Specifically, in an embodiment, because the number of the point cloud data collected by each frame of the laser radar is large, the process of directly processing the original data is complex, in order to simplify the processing process of the point cloud data, after the point cloud data is obtained, the ground point cloud in the point cloud data can be further filtered, so that an intelligent vehicle or a robot and the like can only identify the target near the driving path range in the driving process, thereby reducing the scanning range of the laser radar, reducing the number of the point clouds to be processed, and avoiding the influence of the ground point cloud; then converting the coordinates of the point cloud data; the ground point cloud is specifically a set of points with a distance from the ground being smaller than a preset distance; the preset distance may be specifically greater than 0.2 meters, for example, may be 0.3 meters.

Referring to fig. 2, fig. 2 is a flowchart of a method for filtering ground point clouds in point cloud data according to an embodiment of the present application; specifically, the method for filtering the ground point cloud in the point cloud data may include:

Step S21: a ground model is obtained.

Specifically, a three-point RANSAC algorithm can be adopted to obtain a ground model; the RANSAC algorithm comprises the following specific steps: 1) Randomly assuming a small group of local points as initial values, and then fitting a model by using the local points, wherein the model is suitable for the assumed local points, and all unknown parameters can be calculated from the assumed local points; 2) Testing all other data based on the model, if a certain point is suitable for the fitted model, considering the fitted model as an intra-local point, and expanding the intra-local point; 3) If there are enough points to be classified as hypothetical intra-local points, then the estimated model is reasonable enough; 4) Re-estimating the model with all assumed intra-local points to update the model; 5) Finally, the model is evaluated by estimating the error rate of the local points and the model.

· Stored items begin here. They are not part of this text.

Lemma tuned_horizon_le : T%:R * alpha <= bound.
Proof.
have bound_ge0 : 0 <= bound := le_trans (ltW lnT_gt0) ln_le_bound.
have TM_le : T%:R * M <= bound ^+ 2.
  rewrite /M maxr_pMr ?(ltW T_gt0) // ge_max; apply/andP; split.
    by rewrite -(sqr_sqrtr TV_ge0) lerXn2r ?nnegrE ?sqrtr_ge0.
  by rewrite mulrC divfK ?gt_eqF // lerXn2r ?nnegrE ?(ltW lnT_gt0).
rewrite -ler_sqr ?nnegrE ?mulr_ge0 ?(ltW T_gt0) // exprMn tuned_alpha_sqr.
have -> : T%:R ^+ 2 * (M / (8 * D * T%:R)) = T%:R * M / (8 * D).
  by field; rewrite !gt_eqF.
apply: le_trans TM_le; rewrite ler_pdivrMr ?mulr_gt0 //.
by rewrite ler_peMr ?mulr_ge0 ?(ltW T_gt0) ?(ltW M_gt0) //; have := D_ge1; lra.
Qed.

Lemma tuned_regret_le (l G : R) : 0 < l ->
  2 * D * (l / alpha) * V + G ^+ 2 / 2 * ((1 + ln T%:R + T%:R * alpha) / l)
    <= (16 * D ^+ 2 * l + 2 * (G ^+ 2 / l)) * bound.
Proof.
move=> l_gt0; have a_gt0 := tuned_alpha_gt0.
have path_term : 2 * D * (l / alpha) * V <= 16 * D ^+ 2 * l * bound.
  have -> : 2 * D * (l / alpha) * V = 2 * D * l * (V / alpha) by field; rewrite gt_eqF.
  have c_ge0 : 0 <= 2 * D * l by rewrite !mulr_ge0 ?(ltW D_gt0) ?(ltW l_gt0).
  apply: le_trans (ler_wpM2l c_ge0 tuned_path_le) _.
  have -> : 2 * D * l * (8 * D * Num.sqrt (T%:R * V))
      = 16 * D ^+ 2 * l * Num.sqrt (T%:R * V) by ring.
  by apply: ler_wpM2l sqrt_le_bound; have := sqr_ge0 D; nra.
have sum_term : 1 + ln T%:R + T%:R * alpha <= 4 * bound.
  by have := ln_nat_ge_half R T_ge2; have := tuned_horizon_le; have := ln_le_bound; lra.
have := ler_wpM2l (divr_ge0 (sqr_ge0 G) (ltW l_gt0)) sum_term.
have -> : G ^+ 2 / 2 * ((1 + ln T%:R + T%:R * alpha) / l)
    = G ^+ 2 / l / 2 * (1 + ln T%:R + T%:R * alpha).
  by field; rewrite gt_eqF.
by move: path_term; lra.
Qed.

End TunedDiscount.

In a specific embodiment, step S21 may specifically include randomly selecting 3 points from the point cloud data in each iteration to build a plane model, and then determining an inner point and an outer point according to a distance between each point in the point cloud data and the plane model; specifically, the plane parameters can be calculated with the equation ax+by+cz+d=0 as the plane model; assuming that the plane is perpendicular to the Z axis, the iteration number n is set, the fitting precision is a, namely, points with the distance from the obtained plane being less than or equal to a are regarded as inner points, and points with the distance from the obtained plane being greater than a are regarded as outer points. When the number of the inner points meets the preset requirement, a ground model is built by utilizing the inner points meeting the preset requirement.

Step S22: and determining a set of points with the distance smaller than a preset distance from the ground model in the point cloud data as a ground point cloud.

Step S23: the ground point cloud in the point cloud data is filtered.

Specifically, the specific implementation process of step S23 may refer to the specific implementation process of filtering the ground point cloud in the point cloud data in the prior art, and may achieve the same or similar technical effects, and may refer to the prior art, and details thereof are not described herein.

Step S12: and respectively carrying out feature extraction on the image data and the point cloud data to obtain first feature data corresponding to the image data and second feature data corresponding to the point cloud data.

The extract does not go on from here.